Pemuda yang sedang menimpanya kini, benar-benar membuat Kelly gila sekaligus tersiksa.
Gila karena dirinya sekarang benar-benar menyukai cara pemuda bermata hazel itu saat menyentuhnya.
Dan tersiksa karena akal sehatnya mengatakan dia tak boleh membiarkan perlakuan pemuda itu padanya, namun tubuhnya memberikan respon menerima.
"M-Max...he-hentikanh inih."
Kelly mendorong kepala Max untuk mendongak, agar wajah pemuda tersebut tak terus-terusan tenggelam dalam leher jenjangnya.
"Kau menyukainya?"
Pertanyaan Max berhasil membuat pipi Kelly yang tadinya merona samar menjadi bak kepiting rebus.
Max terkekeh, "Sepertinya aku sudah tau dengan jawabannya."
Pemuda berambut hitam itu akan kembali menundukkan kepalanya dan menyembunyikan wajahnya di leher Kelly, namun dengan sigap Kelly langsung mendorongnya lagi dan memberi Max tatapan horror.
Max menghela nafas, "Aku masih marah padamu."
Dan setelah mengucapkan kata-kata itu, Max segera bangkit dari atas tubuh Kelly dan beranjak meninggalkan Kelly begitu saja di sofa ruang tamu.
Kelly mengernyit keheranan dengan tingkah Max yang menurutnya benar-benar aneh, namun dirinya juga dapat menghela nafas lega karena Max tak akan melakukan apa-apa padanya lagi.
Kelly segera bangkit dari sofa dan berjalan ke arah kamar Max, yang kini juga terdapat pemuda itu yang sedang mendengarkan musik menggunakan headset berwarna dark blue.
Kelly menatap Max yang kini sedang membaringkan tubuh di tempat tidur sambil mendengarkan musik dengan mata terpejam.
Gadis bermata hijau itu melangkah dengan pelan lalu duduk di sisi ranjang Max.
Dia mengamati Max lagi, sebelum akhirnya mendesah.
Perkataan Max yang dalam kurun waktu kurang lebih 2 menit yang lalu masih terngiang di otaknya.
Kini ribuan pertanyaan kembali menghujami batin gadis tersebut.
Seperti,
Kenapa Max marah padaku?
Apa aku benar-benar membuat kesalahan?
Tunggu dulu, dia bilang tadi cemburu dengan wanitanya. Apa itu aku? Apa dia marah karena kejadian di toko pakaian itu?
Kenapa jadi marah padaku? Astaga! Sudah jelas-jelas bukan aku yang salah, tapi paman itu!
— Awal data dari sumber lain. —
(* For any fixed $\lambda > 0$ there exists $p_0(\lambda)$ such that for all primes $p \ge p_0(\lambda)$, \[ \alpha_p(\lambda) := \operatorname{Cov}_{\mu^{(p)}_\lambda}\bigl(g_p(x),\, x^2\bigr) > 0, \] where $\mu^{(p)}_\lambda$ is the probability measure on $[-1,1]$ with $\mu^{(p)}_\lambda(dx) \propto \sqrt{1-x^2}\,(1 - 2x/\sqrt{p} + 1/p)^{-\lambda}\,dx$ and $g_p(x) = -\log(1 - 2x/\sqrt{p} + 1/p)$. *)

From Stdlib Require Import Reals ZArith Znumtheory.
From Coquelicot Require Import Coquelicot.
Open Scope R_scope.

Definition qp (p : nat) (x : R) : R := 1 - 2 * x / sqrt (INR p) + / INR p.

Definition gp (p : nat) (x : R) : R := - ln (qp p x).

Definition dens (lam : R) (p : nat) (x : R) : R :=
  sqrt (1 - x ^ 2) * Rpower (qp p x) (- lam).

Definition Zp (lam : R) (p : nat) : R := RInt (dens lam p) (-1) 1.

Definition Ep (lam : R) (p : nat) (f : R -> R) : R :=
  RInt (fun x => f x * dens lam p x) (-1) 1 / Zp lam p.

Definition Covp (lam : R) (p : nat) (f h : R -> R) : R :=
  Ep lam p (fun x => f x * h x) - Ep lam p f * Ep lam p h.

Definition alpha (p : nat) (lam : R) : R :=
  Covp lam p (gp p) (fun x => x ^ 2).

From Stdlib Require Import Reals ZArith Znumtheory Lra Lia.
From Coquelicot Require Import Coquelicot.
Open Scope R_scope.
(* The path functor $P:\mathsf{RSRel}\to\mathsf{Met}$ is a morphism of weakly closed monoidal refinements of $\mathsf{Set}$ from $(\mathsf{RSRel},1,\times,M,q)$ to $(\mathsf{Met},1,\times,\infty\cdot-,p)$; that is: (1) $P$ is strict symmetric monoidal from $(\mathsf{RSRel},1,\times)$ to $(\mathsf{Met},1,\times)$; (2) $(\mathrm{Id}_{\mathsf{Set}},P)$ is a map of adjunctions from $M\dashv q$ to $\infty\cdot-\dashv p$ (in particular $P\circ M=\infty\cdot-$ and $p\circ P=q$); and (3) for every set $X$, $(P,P)$ is a map of adjunctions from $(-\times MX\dashv MX\Rightarrow -)$ on $\mathsf{RSRel}$ to $(-\times(\infty\cdot X)\dashv(\infty\cdot X)\multimap -)$ on $\mathsf{Met}$.
   Context: $\mathsf{RSRel}$: objects are sets with a reflexive symmetric relation, morphisms relation-preserving functions; $1$ is the one-point set with the full relation; $X\times Y$ is $|X|\times|Y|$ with $(x,y)\sim(x',y')$ iff $x\sim x'$ and $y\sim y'$; $X\Rightarrow Y$ is the set of all functions $|X|\to|Y|$ with $f\sim f'$ iff $x\sim x'$ implies $f(x)\sim f'(x')$. $q:\mathsf{RSRel}\to\mathsf{Set}$ is the forgetful functor and $M:\mathsf{Set}\to\mathsf{RSRel}$ equips a set with the equality relation ($M\dashv q$ with identity unit). $\mathsf{Met}$: extended pseudo-metric spaces ($d:|X|^2\to[0,\infty]$, $d(x,x)=0$, symmetric, triangle inequality) and non-expansive maps; $1$ is the one-point space; $X\times Y$ is $|X|\times|Y|$ with $d=\max(d_X,d_Y)$; for a set $X$, $\infty\cdot X$ has $d(x,x')=\infty$ for $x\neq x'$; $A\multimap B$ is the set of non-expansive maps with metric $\sup_x d_B(a(x),b(x))$; $p:\mathsf{Met}\to\mathsf{Set}$ is the forgetful functor ($\infty\cdot-\dashv p$ with identity unit). Both $(\mathsf{RSRel},1,\times,M,q)$ and $(\mathsf{Met},1,\times,\infty\cdot-,p)$ are weakly closed monoidal refinements of $\mathsf{Set}$ (a symmetric monoidal category with an adjunction $L\dashv p$ to $\mathsf{Set}$ where $p$ is strict monoidal and faithful, the unit is the identity, each $-\otimes LX$ has a right adjoint, and $(p,p)$ is a map of adjunctions to $(-\times X\dashv X\Rightarrow-)$ in $\mathsf{Set}$). A map of adjunctions $(F,G)$ from $\langle L,R,\eta\rangle:\mathbb{C}\rightharpoonup\mathbb{D}$ to $\langle L',R',\eta'\rangle:\mathbb{C}'\rightharpoonup\mathbb{D}'$ is a pair of functors with $G\circ L=L'\circ F$, $F\circ R=R'\circ G$, $F\eta=\eta'F$. $P$ sends $X\in\mathsf{RSRel}$ to $|X|$ with the path metric ($d(x,x')$ = least $k$ with a chain $x=x_0\sim x_1\sim\dots\sim x_k=x'$, or $\infty$ if none) and is the identity on morphisms. *)

From HB Require Import structures.
From mathcomp Require Import all_boot all_order all_algebra.
From mathcomp Require Import all_classical all_reals ereal.
Set Implicit Arguments. Unset Strict Implicit. Unset Printing Implicit Defensive.
Import Order.TTheory GRing.Theory Num.Theory.
Local Open Scope classical_set_scope.
Local Open Scope ereal_scope.

Record rsrel := RSRel {
  rs_car :> Type;
  rs_rel : rs_car -> rs_car -> Prop;
  rs_refl : forall x, rs_rel x x;
  rs_sym : forall x y, rs_rel x y -> rs_rel y x }.
Arguments rs_rel : clear implicits.

Definition rs_hom (X Y : rsrel) (f : rs_car X -> rs_car Y) : Prop :=
  forall x x', rs_rel X x x' -> rs_rel Y (f x) (f x').

Definition rs_one : rsrel :=
  @RSRel unit (fun _ _ => True) (fun _ => I) (fun _ _ _ => I).

Definition rs_prod (X Y : rsrel) : rsrel.
Proof.
refine (@RSRel (rs_car X * rs_car Y)%type
  (fun p q => rs_rel X p.1 q.1 /\ rs_rel Y p.2 q.2) _ _).
- by move=> p; split; apply: rs_refl.
- by move=> p q [h1 h2]; split; apply: rs_sym.
Defined.

Definition rs_M (X : Type) : rsrel :=
  @RSRel X (fun x y => x = y) (fun x => erefl x) (fun x y h => esym h).

Definition rs_expM (X : Type) (Y : rsrel) : rsrel.
Proof.
refine (@RSRel (X -> rs_car Y)
  (fun f g => forall x x', rs_rel (rs_M X) x x' -> rs_rel Y (f x) (g x')) _ _).
- by move=> f x x' /= ->; apply: rs_refl.
- by move=> f g h x x' /= e; apply: rs_sym; apply: h.
Defined.

Definition rs_chain (X : rsrel) (k : nat) (x y : rs_car X) : Prop :=
  exists c : nat -> rs_car X,
    [/\ c 0%N = x, c k = y & forall i, (i < k)%N -> rs_rel X (c i) (c i.+1)].

Section Met.
Variable R : realType.

(* a carrier with a [0,oo]-valued distance; the metric axioms are the predicate is_met *)
Record pmet := PMet { pm_car :> Type; pm_d : pm_car -> pm_car -> \bar R }.
Arguments pm_d : clear implicits.

Definition is_met (A : pmet) : Prop :=
  [/\ forall x y, 0 <= pm_d A x y,
      forall x, pm_d A x x = 0,
      forall x y, pm_d A x y = pm_d A y x &
      forall x y z, pm_d A x z <= pm_d A x y + pm_d A y z].

Definition nonexpansive (A B : pmet) (f : pm_car A -> pm_car B) : Prop :=
  forall x y, pm_d B (f x) (f y) <= pm_d A x y.

Definition met_one : pmet := @PMet unit (fun _ _ => 0).

Definition met_prod (A B : pmet) : pmet :=
  @PMet (pm_car A * pm_car B)%type
    (fun p q => Order.max (pm_d A p.1 q.1) (pm_d B p.2 q.2)).

Definition met_inf (X : Type) : pmet :=
  @PMet X (fun x y => if `[< x = y >] then 0 else +oo).

(* A -o B : non-expansive maps with the sup metric (sup taken in [0,oo]) *)
Definition met_lolli (A B : pmet) : pmet :=
  @PMet {h : pm_car A -> pm_car B | nonexpansive h}
    (fun f g => ereal_sup ([set 0] `|`
        [set pm_d B (proj1_sig f x) (proj1_sig g x) | x in [set: pm_car A]])).

(* the path functor on objects: least length of a chain, or +oo if none *)
Definition path_d (X : rsrel) (x y : rs_car X) : \bar R :=
  ereal_inf [set (k%:R)%:E | k in [set k | rs_chain k x y]].

Definition P (X : rsrel) : pmet := @PMet (rs_car X) (@path_d X).

End Met.
Arguments pm_d {R} _ _ _.

(* Everything reduces to chains. Chains concatenate and reverse, so the path
   distance is a pseudo-metric, and relation-preserving maps send chains to
   chains. Since the relation is reflexive, a chain can be padded to any
   greater length by repeating its endpoint; hence a pair of chains can be
   given a common length, and the path distance of a product is the maximum
   of the path distances. In [M X] every chain is constant, which gives the
   distances 0 and oo. Finally, a chain of length k in [M X => B] is, by
   choice, the same as an X-indexed family of chains of length k in B; if the
   pointwise distances are bounded by a real r, every member of the family can
   be padded to length floor(r), so the path distance is the supremum of the
   pointwise ones. *)

From HB Require Import structures.
From mathcomp Require Import all_boot all_order all_algebra.
From mathcomp Require Import all_classical all_reals ereal.
From mathcomp Require Import zify.
Set Implicit Arguments. Unset Strict Implicit. Unset Printing Implicit Defensive.
Import Order.TTheory GRing.Theory Num.Theory.
Local Open Scope classical_set_scope.
Local Open Scope ereal_scope.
Ah! yang terpenting, kenapa juga aku mengkhawatirkannya?
Apa peduliku?
Bukankah jika dia marah akan lebih bagus, dia akan cepat membebaskanku dari rumahnya yang seperti penjara ini.
Kelly menangkupkan kedua tangannya di wajahnya, sekarang dia merasa tiba-tiba merindukan seseorang.
Seseorang yang dicintainya, Varel.
Namun, pernyataan Max jika kekasihnya itu berselingkuh dengan sahabatnya membuat jauh di lubuk hatinya merasakan kekecewaan.
Meskipun dia merasa itu hanya kebohongan yang dibuat Max, tapi entah mengapa hal itu perlu dipertimbangkan lagi karena Max selalu kelihatan jujur saat mengatakan sesuatu kepadanya.
Kelly berpikir, apa Varel benar-benar selingkuh dan sekarang sudah melupakannya?
Pemuda itu bahkan tak berusaha mencarinya.
Dan dia harus tak bertemu dengan Varel untuk beberapa lama atau mungkin selamanya, jika pemuda tersebut tak datang mengeluarkannya dari rumah Max.
Dia sangat merindukan Varel, terlepas dari perselingkuhan yang dilontarkan Max tentang pemuda itu.
Dia benar-benar ingin mendengar suara rayuan Varel yang selalu berhasil membuat pipinya merona.
Ya, dia menginginkan mendengarkan suara Varel sekarang, maka satu-satunya cara adalah dengan membujuk Max untuk mengembalikan hpnya sebentar, agar dirinya bisa menelpon kekasihnya dan mengabari jika dia baik-baik saja, jika memang pemuda itu mengkhawatirkannya.
Kelly menolehkan kepalanya pada Max yang kini masih terpejam, tangannya bergerak menepuk kaki pemuda dingin itu.
Manik hazel Max kini terlihat diikuti dengan pemuda tersebut yang melepaskan headsetnya.
Max menaikkan alis matanya, menunggu ucapan keluar dari mulut Kelly.
"Max, aku ingin menelpon Varel, a-aku hanya merindukannya. Beri aku waktu sebentar saja untuk bicara padanya."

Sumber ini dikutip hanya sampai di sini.